Barbera, Alessandro. Camerata Topolino. L'ideologia di Walt Disney. Stampa Alternativa. Roma, 2001.

Il y a quelques mois seulement, lors du trentième anniversaire de la mort du romancier Dino Buzzati, les journaux se firent de nouveau l'écho de certains jugements qu'il avait portés sur l'oeuvre de Walt Disney. Selon l'auteur du Désert des tartares, les personnages disneyens étaient « une des plus grandes inventions narratives de la modernité », à comparer sans hésiter avec ceux de Dickens ou de Balzac. Il est vrai que la souris de Disney ne cesse d'inspirer toutes sortes de commentaires et d'exégèses. Que se passe-t-il vraiment entre ces deux grandes oreilles rondes et noires ? Et que se passe-t-il entre les oreilles des lecteurs - et surtout de ces lecteurs professionnels que sont les critiques - lorsqu'ils se trouvent face à la production abondante et multiforme de Walt Disney ? C'est dans l'essentiel à ces deux questions que l'auteur s'efforce de répondre dans ce petit livre très stimulant, qui apporte une contribution raisonnée et originale à l'étude des fonctions idéologiques de la narration de masse.

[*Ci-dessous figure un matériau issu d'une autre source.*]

(* Let $q$ be odd, $V$ an $n$-dimensional space over $\mathbb{F}_q$, $n\ge4$, $G$ one of $\mathrm{SL}(V),\mathrm{Sp}(V),\mathrm{SU}(V)$, $\mathcal T$ the set of transvections of $G$, and $X\subseteq\mathcal T$ a generating set of $G$ satisfying: (P2) ${}_VX$ spans $V$, $X_{V^*}$ spans $V^*$, $\Gamma(X)$ strongly connected; (P3) the weights of all cycles of $\Gamma(X)$ generate $\mathbb{F}_q$; (P4) if $G=\mathrm{Sp}(V)$ every cycle of $\Gamma(\mathcal T)$ is symplectic; (P5) if $G=\mathrm{SL}(V)$ and $q$ is a square, $\Gamma(X)$ contains a non-unitary cycle; (P6) the directed diameter of $\Gamma(X'')$ is at most $2$ for every $X\subseteq X''\subseteq\mathcal T$; (P7) the two-way diameter of $\Gamma(X'')$ is at most $6$ for every $X\subseteq X''\subseteq \mathcal T$. For $k\ge2$ let $L_k=L_k(X)$ be the subfield of $\mathbb{F}_q$ generated by the weights of the cycles of $\Gamma(X)$ of length at most $k$. Assume $k\ge 3$ is an integer with $L_{k-1}\ne L_k$. Then (1) $k\in\{3,4,5\}$; (2) if $k\in\{4,5\}$ and $(r_1,\dots,r_k)$ is a cycle of $\Gamma(X)$ whose weight is not in $L_{k-1}$, then there is an index $i$, $1\le i\le k$, such that $[r_i,r_{i+2}]$ is not an edge of $\Gamma(X)$ (indices mod $k$).
   Context: Transvections $s=1+u_s\otimes\phi_s$ ($x\mapsto x+\phi_s(x)u_s$). $\Gamma(Y)$: directed graph on $Y$ with edge $[s,t]$ iff $\phi_t(u_s)\ne0$; two-way edges/paths/diameter as usual (both directions are edges). Weight of $(r_1,\dots,r_k)$: $w=\prod_{i=1}^k\phi_{r_{i+1}}(u_{r_i})$ (indices mod $k$); a $k$-tuple with nonzero weight is a cycle of length $k$. Symplectic: $w(r_1,\dots,r_k)+(-1)^{k+1}w(r_k,\dots,r_1)=0$; unitary: $w(r_1,\dots,r_k)+(-1)^{k+1}w(r_k,\dots,r_1)^{\sqrt q}=0$. ${}_VX$, $X_{V^*}$: the sets of $u_s$, resp. $\phi_s$, for $s\in X$. *)

From HB Require Import structures.
From mathcomp Require Import all_boot all_order all_algebra all_field.
Set Implicit Arguments. Unset Strict Implicit. Unset Printing Implicit Defensive.
Import GRing.Theory.
Local Open Scope ring_scope.

(* Conventions: V = 'rV[F]_n (row vectors), V^* = 'cV[F]_n (column vectors),
   phi(x) = (x *m phi) 0 0.  Linear maps act on the right: x |-> x *m g.
   The transvection 1 + u (x) phi  (x |-> x + phi(x) u) is the matrix
   1%:M + phi *m u. *)

Section Defs.
Variables (F : finFieldType) (n : nat).
Local Notation M := 'M[F]_n.

Definition ev (phi : 'cV[F]_n) (x : 'rV[F]_n) : F := (x *m phi) 0 0.

Definition tv_pair (t : M) (p : 'rV[F]_n * 'cV[F]_n) : bool :=
  [&& p.1 != 0, p.2 != 0, ev p.2 p.1 == 0 & t == 1%:M + p.2 *m p.1].

Definition is_transvection (t : M) : Prop := exists p, tv_pair t p.

(* a chosen representative (u_s, phi_s); weights and edges do not depend on it *)
Definition tv_u (t : M) : 'rV[F]_n :=
  if [pick p | tv_pair t p] is Some p then p.1 else 0.
Definition tv_phi (t : M) : 'cV[F]_n :=
  if [pick p | tv_pair t p] is Some p then p.2 else 0.

Definition tedge : rel M := fun s t => ev (tv_phi t) (tv_u s) != 0.

Definition weight (r : seq M) : F :=
  \prod_(i < size r)
     ev (tv_phi (nth 1%:M r (i.+1 %% size r))) (tv_u (nth 1%:M r i)).

Definition is_cycle (Y : M -> Prop) (r : seq M) : Prop :=
  (0 < size r)%N /\ (forall s, s \in r -> Y s) /\ weight r != 0.

Definition edge_of (Y : M -> Prop) (s t : M) : Prop := Y s /\ Y t /\ tedge s t.

Definition twoway : rel M := fun s t => tedge s t && tedge t s.

Definition path_le (e : rel M) (Y : M -> Prop) (m : nat) (s t : M) : Prop :=
  exists p : seq M, (forall x, x \in p -> Y x) /\ (size p <= m)%N /\
    path e s p /\ last s p = t.

Definition strongly_connected (Y : M -> Prop) : Prop :=
  forall s t, Y s -> Y t -> exists m, path_le tedge Y m s t.

Definition diam_le (Y : M -> Prop) (m : nat) : Prop :=
  forall s t, Y s -> Y t -> path_le tedge Y m s t.

Definition twoway_diam_le (Y : M -> Prop) (m : nat) : Prop :=
  forall s t, Y s -> Y t -> path_le twoway Y m s t.

Definition symplectic_cycle (r : seq M) : Prop :=
  weight r + (-1) ^+ (size r).+1 * weight (rev r) = 0.

Definition unitary_cycle (r : seq M) : Prop :=
  forall q0 : nat, (q0 ^ 2 = #|F|)%N ->
    weight r + (-1) ^+ (size r).+1 * (weight (rev r)) ^+ q0 = 0.

Definition is_square_order : Prop := exists q0 : nat, (q0 ^ 2 = #|F|)%N.

Definition is_subfield (K : {set F}) : Prop :=
  [/\ 0 \in K, 1 \in K, (forall x y, x \in K -> y \in K -> x - y \in K),
      (forall x y, x \in K -> y \in K -> x * y \in K) &
      (forall x, x \in K -> x^-1 \in K)].

Definition gen_field (P : F -> Prop) (x : F) : Prop :=
  forall K : {set F}, is_subfield K -> (forall y, P y -> y \in K) -> x \in K.

Definition Lk (Y : M -> Prop) (k : nat) : F -> Prop :=
  gen_field (fun y => exists r, is_cycle Y r /\ (size r <= k)%N /\ y = weight r).

Definition spans_V (X : {set M}) : Prop :=
  forall x : 'rV[F]_n, exists c : M -> F, x = \sum_(s in X) c s *: tv_u s.
Definition spans_Vdual (X : {set M}) : Prop :=
  forall x : 'cV[F]_n, exists c : M -> F, x = \sum_(s in X) c s *: tv_phi s.

Inductive gen_grp (X : {set M}) : M -> Prop :=
| gen_one : gen_grp X 1%:M
| gen_in x : x \in X -> gen_grp X x
| gen_mul a b : gen_grp X a -> gen_grp X b -> gen_grp X (a *m b)
| gen_inv a : gen_grp X a -> gen_grp X (invmx a).

Inductive gkind := KSL | KSp | KSU.

(* the form B defining the group: for KSp a nondegenerate alternating form
   beta(x,y) = x B y^T; for KSU (q = q0^2) a nondegenerate hermitian form
   beta(x,y) = x B sigma(y)^T with sigma(a) = a^q0. *)
Definition form_ok (K : gkind) (B : M) : Prop :=
  match K with
  | KSL => True
  | KSp => B^T = - B /\ (forall i, B i i = 0) /\ \det B != 0
  | KSU => is_square_order /\ \det B != 0 /\
           (forall q0 : nat, (q0 ^ 2 = #|F|)%N -> B^T = map_mx (fun a => a ^+ q0) B)
  end.

Definition in_group (K : gkind) (B : M) (g : M) : Prop :=
  match K with
  | KSL => \det g = 1
  | KSp => g *m B *m g^T = B
  | KSU => \det g = 1 /\
           (forall q0 : nat, (q0 ^ 2 = #|F|)%N ->
              g *m B *m (map_mx (fun a => a ^+ q0) g)^T = B)
  end.

Definition in_T (K : gkind) (B : M) (t : M) : Prop :=
  in_group K B t /\ is_transvection t.

End Defs.

From mathcomp Require Import all_boot all_order all_algebra all_field.
From mathcomp Require Import ring zify.
From Stdlib Require Import Classical.
Import GRing.Theory.
Local Open Scope ring_scope.
Set Implicit Arguments. Unset Strict Implicit.

(* Split a closed walk at two of its vertices x, y into an arc a from x to y
   and an arc b back; if c and d are further walks from x to y and from y to x,
   then w(ab) = w(ad) w(cb) / w(cd).  So w(ab) lies in every subfield containing
   the weights of the closed walks ad, cb and cd.  For a cycle of length k >= 6,
   take x = r_1, y = r_4 and c, d of length at most 2 given by (P6): all three
   walks are shorter than k, hence L_k = L_(k-1).  For k = 4 (resp. 5), if all
   the chords [r_i, r_(i+2)] are edges, the chords r_1 r_3 and r_3 r_1 (resp.
   r_1 r_3 and r_3 r_5) do the same job, so the weight lies in L_(k-1).
   Only (P6) is needed. *)

Lemma subfield_cross (F : finFieldType) (K : {set F}) (a b c d : F) :
  is_subfield K -> c * d != 0 ->
  a * d \in K -> c * b \in K -> c * d \in K -> a * b \in K.
Proof.
move=> [_ _ _ mulK invK]; rewrite mulf_eq0 negb_or => /andP[c0 d0] adK cbK cdK.
have -> : a * b = a * d * (c * b) * (c * d)^-1 by field; rewrite c0 d0.
by rewrite mulK ?invK // mulK.
Qed.

Section WalkWeights.
Variables (F : finFieldType) (n : nat).
Local Notation M := 'M[F]_n.

Definition edge_weight (s t : M) : F := ev (tv_phi t) (tv_u s).

Fixpoint path_weight (x : M) (p : seq M) : F :=
  if p is y :: p' then edge_weight x y * path_weight y p' else 1.

Lemma path_weight_cat x p1 p2 :
  path_weight x (p1 ++ p2) = path_weight x p1 * path_weight (last x p1) p2.
Proof. by elim: p1 x => [|y p IHp] x /=; rewrite ?mul1r // IHp mulrA. Qed.

Lemma path_weight_neq0 x p : (path_weight x p != 0) = path (@tedge F n) x p.
Proof. by elim: p x => [|y p IHp] x /=; rewrite ?oner_eq0 // mulf_eq0 negb_or IHp. Qed.

Lemma path_weightE x p :
  path_weight x p = \prod_(i < size p) edge_weight (nth 1%:M (x :: p) i) (nth 1%:M p i).
Proof. by elim: p x => [|y p IHp] x /=; rewrite ?big_ord0 // big_ord_recl IHp. Qed.

Lemma weight_cons x s : weight (x :: s) = path_weight x (rcons s x).
Proof.
rewrite /weight /= big_ord_recr /= modnn -cats1 path_weight_cat /= mulr1.
rewrite -(last_nth 1%:M) path_weightE; congr (_ * _).
by apply: eq_bigr => i _; rewrite modn_small ?ltnS.
Qed.

Lemma cycle_path (Y : M -> Prop) x s :
  is_cycle Y (x :: s) -> path (@tedge F n) x (rcons s x).
Proof. by case=> _ [_]; rewrite weight_cons path_weight_neq0. Qed.

Definition cycle_weights_in (Y : M -> Prop) (m : nat) (K : {set F}) : Prop :=
  forall r, is_cycle Y r -> (size r <= m)%N -> weight r \in K.

Lemma LkP (Y : M -> Prop) m x :
  Lk Y m x <-> (forall K, is_subfield K -> cycle_weights_in Y m K -> x \in K).
Proof.
split=> Lx K subK.
  by move=> shortK; apply: Lx => // _ [r [cyc [sz ->]]]; apply: shortK.
by move=> shortK; apply: Lx => // r cyc sz; apply: shortK; exists r.
Qed.

Lemma Lk_succ (Y : M -> Prop) m :
  (forall K, is_subfield K -> cycle_weights_in Y m K -> cycle_weights_in Y m.+1 K) ->
  forall x, Lk Y m x <-> Lk Y m.+1 x.
Proof.
move=> extend x; rewrite !LkP; split=> Lx K subK shortK.
  by apply: Lx => // r cyc sz; apply: shortK; rewrite // ltnW.
exact: Lx (extend K subK shortK).
Qed.

Section ChordSplitting.
Variables (Y : M -> Prop) (K : {set F}) (m : nat).
Hypotheses (subK : is_subfield K) (shortK : cycle_weights_in Y m K).

Lemma closed_walk_weight_in x w :
  last x w = x -> {in w, forall s, Y s} -> path_weight x w != 0 ->
  (size w <= m)%N -> path_weight x w \in K.
Proof.
case/lastP: w => [|s z]; first by case: subK.
rewrite last_rcons => -> Yw w0 sz; rewrite -weight_cons.
apply: shortK; last by rewrite /= -(size_rcons s x).
split=> //; split; last by rewrite weight_cons.
by move=> t t_in; apply: Yw; rewrite mem_rcons.
Qed.

Lemma chord_split x y a b c d :
  last x a = y -> last y b = x -> last x c = y -> last y d = x ->
  {in a ++ b, forall s, Y s} -> {in c ++ d, forall s, Y s} ->
  path_weight x (a ++ b) != 0 -> path_weight x c != 0 -> path_weight y d != 0 ->
  (size a + size d <= m)%N -> (size c + size b <= m)%N -> (size c + size d <= m)%N ->
  path_weight x (a ++ b) \in K.
Proof.
move=> xa yb xc yd Yab Ycd ab0 c0 d0 ad_m cb_m cd_m.
have walk_in u v : last x u = y -> last y v = x -> {in u ++ v, forall s, Y s} ->
    path_weight x u * path_weight y v != 0 -> (size u + size v <= m)%N ->
    path_weight x u * path_weight y v \in K.
  move=> xu yv uv uv0 uv_m; rewrite -xu -path_weight_cat.
  apply: closed_walk_weight_in; rewrite ?last_cat ?xu ?size_cat ?path_weight_cat ?xu //.
move: ab0; rewrite !path_weight_cat xa mulf_eq0 negb_or => /andP[a0 b0].
apply: (subfield_cross subK (c := path_weight x c) (d := path_weight y d)).
- by rewrite mulf_neq0.
- apply: walk_in; rewrite ?mulf_neq0 // => s; rewrite mem_cat => /orP[sa|sd].
    by apply: Yab; rewrite mem_cat sa.
  by apply: Ycd; rewrite mem_cat sd orbT.
- apply: walk_in; rewrite ?mulf_neq0 // => s; rewrite mem_cat => /orP[sc|sb].
    by apply: Ycd; rewrite mem_cat sc.
  by apply: Yab; rewrite mem_cat sb orbT.
- by apply: walk_in; rewrite ?mulf_neq0.
Qed.

Lemma cycle_sub_in r s : is_cycle Y r -> all (mem r) s -> {in s, forall t, Y t}.
Proof. by case=> _ [Yr _] /allP rs t /rs; apply: Yr. Qed.

Lemma long_cycle_weight_in r :
  diam_le Y 2 -> (5 <= m)%N -> is_cycle Y r -> size r = m.+1 -> weight r \in K.
Proof.
move=> diamY m_ge5.
case: r => [|r1 [|r2 [|r3 [|r4 t]]]] cyc sz_r; try by move: sz_r => /=; lia.
have Y_r : {in rcons [:: r2, r3, r4 & t] r1, forall s, Y s}.
  by move=> s; rewrite mem_rcons; case: cyc => _ [Yr _]; apply: Yr.
have Y1 : Y r1 by apply: Y_r; rewrite mem_rcons mem_head.
have Y4 : Y r4 by apply: Y_r; rewrite !inE eqxx !orbT.
have [p [Yp [sz_p [path_p last_p]]]] := diamY r1 r4 Y1 Y4.
have [q [Yq [sz_q [path_q last_q]]]] := diamY r4 r1 Y4 Y1.
rewrite weight_cons.
apply: (@chord_split r1 r4 [:: r2; r3; r4] (rcons t r1) p q).
- by [].
- by rewrite last_rcons.
- by [].
- by [].
- exact: Y_r.
- by move=> s; rewrite mem_cat => /orP[/Yp|/Yq].
- by case: cyc => _ [_]; rewrite weight_cons.
- by rewrite path_weight_neq0.
- by rewrite path_weight_neq0.
- by move: sz_r => /=; lia.
- by move: sz_r => /=; rewrite size_rcons; lia.
- exact: leq_trans (leq_add sz_p sz_q) (ltnW m_ge5).
Qed.

Lemma chord4_weight_in (r1 r2 r3 r4 : M) :
  (3 <= m)%N -> is_cycle Y [:: r1; r2; r3; r4] -> tedge r1 r3 -> tedge r3 r1 ->
  weight [:: r1; r2; r3; r4] \in K.
Proof.
move=> m_ge3 cyc e13 e31; rewrite weight_cons.
apply: (@chord_split r1 r3 [:: r2; r3] [:: r4; r1] [:: r3] [:: r1]) => //.
- by apply: (cycle_sub_in cyc); rewrite /= !inE !eqxx !orbT.
- by apply: (cycle_sub_in cyc); rewrite /= !inE !eqxx !orbT.
- by case: cyc => _ [_]; rewrite weight_cons.
- by rewrite path_weight_neq0 /= e13.
- by rewrite path_weight_neq0 /= e31.
- exact: ltnW m_ge3.
Qed.

Lemma chord5_weight_in (r1 r2 r3 r4 r5 : M) :
  (4 <= m)%N -> is_cycle Y [:: r1; r2; r3; r4; r5] -> tedge r1 r3 -> tedge r3 r5 ->
  weight [:: r1; r2; r3; r4; r5] \in K.
Proof.
move=> m_ge4 cyc e13 e35; rewrite weight_cons.
apply: (@chord_split r1 r3 [:: r2; r3] [:: r4; r5; r1] [:: r3] [:: r5; r1]) => //.
- by apply: (cycle_sub_in cyc); rewrite /= !inE !eqxx !orbT.
- by apply: (cycle_sub_in cyc); rewrite /= !inE !eqxx !orbT.
- by case: cyc => _ [_]; rewrite weight_cons.
- by rewrite path_weight_neq0 /= e13.
- have /and5P[_ _ _ _ /andP[e51 _]] := cycle_path cyc.
  by rewrite path_weight_neq0 /= e35 e51.
- exact: ltnW m_ge4.
Qed.

End ChordSplitting.
End WalkWeights.

Theorem lemma4p3 (F : finFieldType) (n : nat) (K : gkind) (B : 'M[F]_n)
  (X : {set 'M[F]_n}) (k : nat) :
  odd #|F| -> (4 <= n)%N -> form_ok K B ->
  (* X is a set of transvections of G generating G *)
  (forall x, x \in X -> in_T K B x) ->
  (forall g, in_group K B g <-> gen_grp X g) ->
  (* (P2) *)
  spans_V X -> spans_Vdual X -> strongly_connected (fun s => s \in X) ->
  (* (P3) *)
  (forall x : F, gen_field (fun y => exists r, is_cycle (fun s => s \in X) r /\ y = weight r) x) ->
  (* (P4) *)
  (K = KSp -> forall r, is_cycle (in_T K B) r -> symplectic_cycle r) ->
  (* (P5) *)
  (K = KSL -> is_square_order F ->
     exists r, is_cycle (fun s => s \in X) r /\ ~ unitary_cycle r) ->
  (* (P6), (P7) *)
  (forall X'' : {set 'M[F]_n}, X \subset X'' -> (forall t, t \in X'' -> in_T K B t) ->
     diam_le (fun s => s \in X'') 2 /\ twoway_diam_le (fun s => s \in X'') 6) ->
  (3 <= k)%N ->
  ~ (forall x, Lk (fun s => s \in X) k.-1 x <-> Lk (fun s => s \in X) k x) ->
  (k \in [:: 3; 4; 5]%N) /\
  ((k \in [:: 4; 5]%N) ->
   forall r : seq 'M[F]_n, size r = k -> is_cycle (fun s => s \in X) r ->
     ~ Lk (fun s => s \in X) k.-1 (weight r) ->
     exists i : 'I_k,
       ~ edge_of (fun s => s \in X) (nth 1%:M r i) (nth 1%:M r ((i + 2) %% k))).
Proof.
move=> _ _ _ X_T _ _ _ _ _ _ _ P6 k_ge3 Lk_neq.
have diamX := (P6 X (subxx X) X_T).1.
split.
  case: (ltnP k 6) => [k_lt6 | k_ge6]; first by rewrite !inE; lia.
  case: k k_ge3 k_ge6 Lk_neq => // m _ m_ge5 Lk_neq; case: Lk_neq.
  apply: Lk_succ => L subL shortL r cyc.
  rewrite leq_eqVlt ltnS => /orP[/eqP sz_r | sz_r]; last exact: shortL.
  exact: long_cycle_weight_in diamX m_ge5 cyc sz_r.
move=> k45 r sz_r cyc Lr; apply: not_all_ex_not => chords; apply: Lr.
apply/LkP => L subL shortL.
move: k45 sz_r chords shortL; rewrite !inE => /orP[]/eqP ->.
  case: r cyc => [|r1 [|r2 [|r3 [|r4 []]]]] // cyc _ chords shortL.
  have [_ [_ e13]] : edge_of _ r1 r3 := chords (@Ordinal 4 0 isT).
  have [_ [_ e31]] : edge_of _ r3 r1 := chords (@Ordinal 4 2 isT).
  exact: (chord4_weight_in subL shortL _ cyc e13 e31).
case: r cyc => [|r1 [|r2 [|r3 [|r4 [|r5 []]]]]] // cyc _ chords shortL.
have [_ [_ e13]] : edge_of _ r1 r3 := chords (@Ordinal 5 0 isT).
have [_ [_ e35]] : edge_of _ r3 r5 := chords (@Ordinal 5 2 isT).
exact: (chord5_weight_in subL shortL _ cyc e13 e35).
Qed.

L'étude de Barbera se divise en deux parties presque égales. La première est consacrée à un tour d'horizon de la réception critique des travaux produits sous le sceau de la « Walt Disney Corporation » en Italie. Il y passe en revue, avec un humour souvent quelque peu mordant, les diverses prises de position suscitées par les oeuvres disneyennes chez des critiques aux orientations politiques différentes. La deuxième partie de l'ouvrage est réservée à une discussion du parcours politique de Disney lui-même et à une interprétation nouvelle des contenus idéologiques de sa production, et tout particulièrement des grands longs-métrages en dessins animés, considérés comme les plus représentatifs de la vision de l'auteur.

La première section suscite l'intérêt pour deux raisons. Le lecteur étranger ne manquera sûrement pas d'être frappé par l'abondance des débats autour de la figure de Mickey et de celles des autres personnages qui l'entourent, qui témoigne de l'immense pénétration en Europe, et spécialement dans la péninsule, de l'imaginaire disneyen. Le lecteur nord-américain, tout particulièrement, sera sans doute étonné par la diffusion des bandes dessinées de Mickey et compagnie - pratiquement inconnues sur le nouveau continent, où la souris est devenue surtout l'équivalent d'une marque de commerce - et par l'étendue des exégèses qui leur ont été consacrées. Au-delà de cet effet de dépaysement, qui est bien toutefois le symptôme évident des énormes capacités d'adaptation de la production culturelle de masse à l'époque de la globalisation, cette première partie du livre a aussi le mérite de mettre en lumière des problématiques typiques de la narration « industrielle » à travers un cas particulier.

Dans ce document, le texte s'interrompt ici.